Directions
Starting at the line below that contains "Record simplex := Simplex", print each line through the end of the records exactly as it appears.

______________________________

(* For every causal poset $K$, $\mathrm{C}\mathrm{L}(K)=\mathrm{C}\mathrm{F}(K)\cap\mathrm{L}(K)$.
   Context: A causal poset is a poset $(K,\le)$ that is pathwise connected (for all $a,a'$ there are $a_1=a,\dots,a_{n+1}=a'$, $o_1,\dots,o_n$ with $a_i,a_{i+1}\le o_i$) and carries an irreflexive symmetric relation $\perp$ with $o\perp a,\ \tilde o\le o\Rightarrow\tilde o\perp a$. A 1-simplex of $K$ is a triple $b=(|b|;\partial_0b,\partial_1b)$ of elements of $K$ with $\partial_0b,\partial_1b\le|b|$ ($|b|$ is its support, $\partial_1b$ its starting point, $\partial_0b$ its ending point); its opposite is $\overline b=(|b|;\partial_1b,\partial_0b)$. Let $\mathrm{T}_1(K)$ be the set of 1-simplices with $\partial_0b\neq|b|$ and $\partial_1b\ne|b|$. $\mathrm{F}(K)$ is the group generated by $\mathrm{T}_1(K)$ subject to the relations $b^{-1}=\overline b$ (a free group); its elements are words $w=b_n\cdots b_1$, $b_i\in\mathrm{T}_1(K)$, and $\overline w=\overline{b_1}\cdots\overline{b_n}$ is the inverse. The support $|w|$ of a word is the set of supports of the letters of its reduced form. A word $b_n\cdots b_1$ is a path from $a$ to $o$ if $\partial_1b_1=a$, $\partial_0b_n=o$ and $\partial_0b_i=\partial_1b_{i+1}$ for $i<n$; a loop over $o$ is a path from $o$ to $o$. $\mathrm{L}(K)$ is the subgroup of $\mathrm{F}(K)$ generated by loops. Two words are causally disjoint, $w_1\perp w_2$, if there are $o_1\perp o_2$ in $K$ with every element of $|w_i|$ below $o_i$, $i=1,2$. A causal commutator of $\mathrm{F}(K)$ (resp. of $\mathrm{L}(K)$) is a word $w\,p_1p_2\overline{p_1}\,\overline{p_2}\,\overline w$ where $p_1,p_2$ are loops (over some $o_1$, $o_2$) with $p_1\perp p_2$ and $w\in\mathrm{F}(K)$ (resp. $w\in\mathrm{L}(K)$). $\mathrm{C}\mathrm{F}(K)$ and $\mathrm{C}\mathrm{L}(K)$ are the subgroups generated by the causal commutators of $\mathrm{F}(K)$, resp. of $\mathrm{L}(K)$. *)

(* Free group F(K) on T1(K) represented by words (lists of
   1-simplices) modulo free cancellation; subgroups are predicates on words
   closed under that equivalence. *)
From Stdlib Require Import List Relations.
Import ListNotations.
Set Implicit Arguments.

Section CausalPoset.
Variable K : Type.
Variable le : K -> K -> Prop.
Variable perp : K -> K -> Prop.

Definition joint_upper (a b : K) : Prop := exists o, le a o /\ le b o.

Definition causal_poset : Prop :=
  (forall a, le a a) /\
  (forall a b, le a b -> le b a -> a = b) /\
  (forall a b c, le a b -> le b c -> le a c) /\
  (forall a a', clos_refl_trans_1n K joint_upper a a') /\
  (forall a, ~ perp a a) /\
  (forall a b, perp a b -> perp b a) /\
  (forall o a o', perp o a -> le o' o -> perp o' a).

Record simplex := Simplex { supp : K; bd0 : K; bd1 : K }.

Definition opp (b : simplex) : simplex := Simplex (supp b) (bd1 b) (bd0 b).

Definition T1 (b : simplex) : Prop :=
  le (bd0 b) (supp b) /\ le (bd1 b) (supp b) /\
  bd0 b <> supp b /\ bd1 b <> supp b.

______________________________

Answer to this problem
Record simplex := Simplex { supp : K; bd0 : K; bd1 : K }.

Definition opp (b : simplex) : simplex := Simplex (supp b) (bd1 b) (bd0 b).

Definition T1 (b : simplex) : Prop :=
  le (bd0 b) (supp b) /\ le (bd1 b) (supp b) /\
  bd0 b <> supp b /\ bd1 b <> supp b.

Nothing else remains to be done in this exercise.